Task to complete - Please transcribe the data that follows exactly, from its first line through the line that contains "From Pilot Require Import Defs.".

Data excerpts -
──────

(** The argument proper has three parts.
    - Fourier expansions: multiplying by a unit rotates the index lattice
      [O_K^#], so [phi |_k eps I] keeps an expansion with the same vanishing
      coefficients; the expansion of [psi = phi1((z1+z2)/2) phi2(i(z1-z2)/2)] is
      the Cauchy product of the classical ones, and its boundary coefficients
      vanish when those of [phi1] do.
    - Transformation laws: [psi] inherits invariance under [M] and [[lambda,mu]]
      from [phi1] and [phi2]; slashing by a unit [eta] intertwines [eps M] with
      [M] and [[lambda,mu]] with [[eta lambda, eta mu]], so averaging over the
      units produces invariance under every [eps M].
    - The theorem assembles these facts for [H] and [Lambda]. *)

From Pilot Require Import Defs.
From Stdlib Require Import Reals ZArith List Lra Lia Psatz Permutation FunctionalExtensionality.
Import Defs.
Open Scope R_scope.

(** * Complex arithmetic *)

Lemma Ceq (z w : C) : Re z = Re w -> Im z = Im w -> z = w.
Proof. destruct z, w; simpl; intros -> ->; reflexivity. Qed.

(* Reduce an identity between explicit complex expressions to real parts. *)
Ltac cexpand :=
  unfold Csub, Cdiv, Nrm, rK, ZtoC, NtoC, Cadd, Cmul, Copp, Cconj, C0, C1, Ci,
    RtoC, gauss; cbn [Re Im fst snd].
Ltac ceq := apply Ceq; cexpand; ring.

Lemma Cring_th : ring_theory C0 C1 Cadd Cmul Csub Copp (@eq C).
Proof. constructor; intros; ceq. Qed.
Add Ring Cring : Cring_th.

Lemma C1_neq_C0 : C1 <> C0.
Proof. intro E; apply (f_equal Re) in E; simpl in E; lra. Qed.

Lemma Cinv_l (z : C) : z <> C0 -> Cmul (Cinv z) z = C1.
Proof.
  destruct z as [a b]; intro Hz.
  assert (a * a + b * b <> 0).
  { intro E; apply Hz; apply Ceq; simpl; nra. }
  apply Ceq; unfold Cinv; simpl; field; auto.
Qed.

Lemma Cfield_th : field_theory C0 C1 Cadd Cmul Csub Copp Cdiv Cinv (@eq C).
Proof. constructor; [exact Cring_th | exact C1_neq_C0 | reflexivity | exact Cinv_l]. Qed.
Add Field Cfield : Cfield_th.

Lemma Cmul_nz (z w : C) : z <> C0 -> w <> C0 -> Cmul z w <> C0.
Proof.
  intros Hz Hw E; apply Hz.
  transitivity (Cmul (Cmul z w) (Cinv w)); [field; auto | rewrite E; ring].
Qed.

Lemma Cpow_nz (z : C) (n : nat) : z <> C0 -> Cpow z n <> C0.
Proof. intro Hz; induction n; simpl; [exact C1_neq_C0 | apply Cmul_nz; auto]. Qed.

Lemma Cpow_add (z : C) (a b : nat) : Cpow z (a + b) = Cmul (Cpow z a) (Cpow z b).
Proof. induction a; simpl; [ring | rewrite IHa; ring]. Qed.

Lemma Cpow_mul (z w : C) (n : nat) : Cpow (Cmul z w) n = Cmul (Cpow z n) (Cpow w n).
Proof. induction n; simpl; [ring | rewrite IHn; ring]. Qed.

Lemma Cpow_C1 (n : nat) : Cpow C1 n = C1.
Proof. induction n; simpl; [reflexivity | rewrite IHn; ring]. Qed.

Lemma Cconj_mul (z w : C) : Cconj (Cmul z w) = Cmul (Cconj z) (Cconj w).
Proof. ceq. Qed.

Lemma Cconj_nz (z : C) : z <> C0 -> Cconj z <> C0.
Proof.
  intros Hz E; apply Hz; apply (f_equal Cconj) in E.
  replace z with (Cconj (Cconj z)) by ceq; rewrite E; ceq.
Qed.

Lemma ee_add (z w : C) : ee (Cadd z w) = Cmul (ee z) (ee w).
Proof.
  assert (Hexp : forall u v, Cexp (Cadd u v) = Cmul (Cexp u) (Cexp v)).
  { intros [a b] [c d]; unfold Cexp; apply Ceq; cexpand;
      rewrite ?exp_plus, ?cos_plus, ?sin_plus; ring. }
  unfold ee; rewrite <- Hexp; f_equal; ring.
Qed.

Lemma ee_0 : ee C0 = C1.
Proof.
  unfold ee, Cexp; cbn [Cmul Re Im C0].
  replace (0 * 0 - 2 * PI * 0) with 0 by ring; replace (0 * 0 + 2 * PI * 0) with 0 by ring.
  rewrite exp_0, cos_0, sin_0; ceq.
Qed.

Lemma ee_opp (z : C) : Cmul (ee (Copp z)) (ee z) = C1.
Proof. rewrite <- ee_add, <- ee_0; f_equal; ring. Qed.

Lemma sqrt_le_of_sq (x y : R) : 0 <= y -> x <= y * y -> sqrt x <= y.
Proof.
  intros Hy Hx; rewrite <- (sqrt_square y Hy).
  destruct (Rle_lt_dec 0 x).
  - apply sqrt_le_1; nra.
  - rewrite sqrt_neg_0 by lra; apply sqrt_pos.
Qed.

Lemma Cabs_nonneg (z : C) : 0 <= Cabs z.
Proof. apply sqrt_pos. Qed.

Lemma Cabs_sq (z : C) : Cabs z * Cabs z = Re z * Re z + Im z * Im z.
Proof. apply sqrt_sqrt; nra. Qed.

Lemma Cabs_mul (z w : C) : Cabs (Cmul z w) = Cabs z * Cabs w.
Proof.
  destruct z as [a b], w as [c d]; unfold Cabs; simpl.
  rewrite <- sqrt_mult by nra; f_equal; ring.
Qed.

(* The triangle inequality, via Cauchy-Schwarz [ac + bd <= |z| |w|]. *)
Lemma Cabs_add (z w : C) : Cabs (Cadd z w) <= Cabs z + Cabs w.
Proof.
  pose proof (Cabs_sq z) as Ez; pose proof (Cabs_sq w) as Ew.
  pose proof (Cabs_nonneg z); pose proof (Cabs_nonneg w).
  destruct z as [a b], w as [c d]; simpl in *.
  set (x := Cabs (mkC a b)) in *; set (y := Cabs (mkC c d)) in *; clearbody x y.
  assert (CS : a * c + b * d <= x * y).
  { assert ((a * c + b * d) * (a * c + b * d) <= (x * y) * (x * y)).
    { replace ((x * y) * (x * y)) with ((x * x) * (y * y)) by ring.
      rewrite Ez, Ew; pose proof (Rle_0_sqr (a * d - b * c)); unfold Rsqr in *; nra. }
    assert (0 <= x * y) by nra; nra. }
  unfold Cabs; apply sqrt_le_of_sq; simpl; nra.
Qed.

Lemma Cabs_C0 : Cabs C0 = 0.
Proof. unfold Cabs; simpl; replace (0 * 0 + 0 * 0) with 0 by ring; apply sqrt_0. Qed.

Lemma Cabs_eq0 (z : C) : Cabs z = 0 -> z = C0.
Proof.
  intro H; pose proof (Cabs_sq z) as E; rewrite H in E.
  destruct z; apply Ceq; simpl in *; nra.
Qed.

Lemma Cabs_pos (z : C) : z <> C0 -> 0 < Cabs z.
Proof.
  intro Hz; destruct (Cabs_nonneg z); auto.
  exfalso; apply Hz, Cabs_eq0; auto.
Qed.

Lemma Cabs_sub_self (z : C) : Cabs (Csub z z) = 0.
Proof. replace (Csub z z) with C0 by ring; apply Cabs_C0. Qed.

Lemma Re_le_Cabs (z : C) : Rabs (Re z) <= Cabs z.
Proof. pose proof (Cabs_sq z); pose proof (Cabs_nonneg z); apply Rabs_le; split; nra. Qed.

Lemma Im_le_Cabs (z : C) : Rabs (Im z) <= Cabs z.
Proof. pose proof (Cabs_sq z); pose proof (Cabs_nonneg z); apply Rabs_le; split; nra. Qed.

Lemma Cabs_le_ReIm (z : C) : Cabs z <= Rabs (Re z) + Rabs (Im z).
Proof.
  pose proof (Rabs_pos (Re z)); pose proof (Rabs_pos (Im z)).
  pose proof (Rsqr_abs (Re z)); pose proof (Rsqr_abs (Im z)); unfold Rsqr in *.
  unfold Cabs; apply sqrt_le_of_sq; nra.
Qed.

Definition continuous_op (op : C -> C -> C) : Prop :=
  forall a0 b0 e, 0 < e -> exists d, 0 < d /\ forall a b,
    Cabs (Csub a a0) < d -> Cabs (Csub b b0) < d -> Cabs (Csub (op a b) (op a0 b0)) < e.

Lemma Cadd_continuous : continuous_op Cadd.
Proof.
  intros f0 g0 e He; exists (e / 2); split; [lra|]; intros f g H1 H2.
  replace (Csub (Cadd f g) (Cadd f0 g0)) with (Cadd (Csub f f0) (Csub g g0)) by ring.
  pose proof (Cabs_add (Csub f f0) (Csub g g0)); lra.
Qed.

Lemma Cmul_continuous : continuous_op Cmul.
Proof.
  intros f0 g0 e He.
  pose proof (Cabs_nonneg f0); pose proof (Cabs_nonneg g0).
  set (K := Cabs f0 + Cabs g0 + 1).
  set (d := Rmin 1 (e / (2 * K))).
  assert (Hd1 : d <= 1) by apply Rmin_l.
  assert (HdK : d * K <= e / 2).
  { assert (d <= e / (2 * K)) by apply Rmin_r.
    replace (e / 2) with (e / (2 * K) * K) by (field; unfold K; lra).
    apply Rmult_le_compat_r; [unfold K; lra | assumption]. }
  exists d; split; [apply Rmin_pos; [lra | apply Rdiv_lt_0_compat; unfold K; lra]|].
  intros f g H1 H2.
  replace (Csub (Cmul f g) (Cmul f0 g0)) with
    (Cadd (Cmul (Csub f f0) (Cadd (Csub g g0) g0)) (Cmul f0 (Csub g g0))) by ring.
  pose proof (Cabs_add (Cmul (Csub f f0) (Cadd (Csub g g0) g0)) (Cmul f0 (Csub g g0))).
  pose proof (Cabs_add (Csub g g0) g0).
  pose proof (Cabs_nonneg (Csub f f0)); pose proof (Cabs_nonneg (Csub g g0)).
  rewrite !Cabs_mul in *.
  assert (Cabs (Csub f f0) * Cabs (Cadd (Csub g g0) g0) <= d * (1 + Cabs g0))
    by (apply Rmult_le_compat; try apply Cabs_nonneg; lra).
  assert (Cabs f0 * Cabs (Csub g g0) <= Cabs f0 * d) by (apply Rmult_le_compat_l; lra).
  unfold K in HdK; nra.
Qed.

(** * Holomorphy on [H x C^2] *)

Definition cont3 (f : C -> C -> C -> C) (t z1 z2 : C) : Prop :=
  forall eps, 0 < eps -> exists delta, 0 < delta /\
    forall t' z1' z2', Cabs (Csub t' t) < delta -> Cabs (Csub z1' z1) < delta ->
      Cabs (Csub z2' z2) < delta -> Cabs (Csub (f t' z1' z2') (f t z1 z2)) < eps.

Lemma cont3_op (op : C -> C -> C) (f g : C -> C -> C -> C) (t z1 z2 : C) :
  continuous_op op -> cont3 f t z1 z2 -> cont3 g t z1 z2 ->
  cont3 (fun t z1 z2 => op (f t z1 z2) (g t z1 z2)) t z1 z2.
Proof.
  intros Hop Hf Hg e He.
  destruct (Hop (f t z1 z2) (g t z1 z2) e He) as [d [Hd Hd']].
  destruct (Hf d Hd) as [d1 [Hd1 H1]]; destruct (Hg d Hd) as [d2 [Hd2 H2]].
  exists (Rmin d1 d2); split; [apply Rmin_pos; auto|].
  pose proof (Rmin_l d1 d2); pose proof (Rmin_r d1 d2).
  intros t' z1' z2' A B D; apply Hd'; [apply H1 | apply H2]; lra.
Qed.

Lemma cont3_const (c t z1 z2 : C) : cont3 (fun _ _ _ => c) t z1 z2.
Proof. intros e He; exists 1; split; [lra|]; intros; rewrite Cabs_sub_self; auto. Qed.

──────

Final answer -
(** The argument proper has three parts.
    - Fourier expansions: multiplying by a unit rotates the index lattice
      [O_K^#], so [phi |_k eps I] keeps an expansion with the same vanishing
      coefficients; the expansion of [psi = phi1((z1+z2)/2) phi2(i(z1-z2)/2)] is
      the Cauchy product of the classical ones, and its boundary coefficients
      vanish when those of [phi1] do.
    - Transformation laws: [psi] inherits invariance under [M] and [[lambda,mu]]
      from [phi1] and [phi2]; slashing by a unit [eta] intertwines [eps M] with
      [M] and [[lambda,mu]] with [[eta lambda, eta mu]], so averaging over the
      units produces invariance under every [eps M].
    - The theorem assembles these facts for [H] and [Lambda]. *)

From Pilot Require Import Defs.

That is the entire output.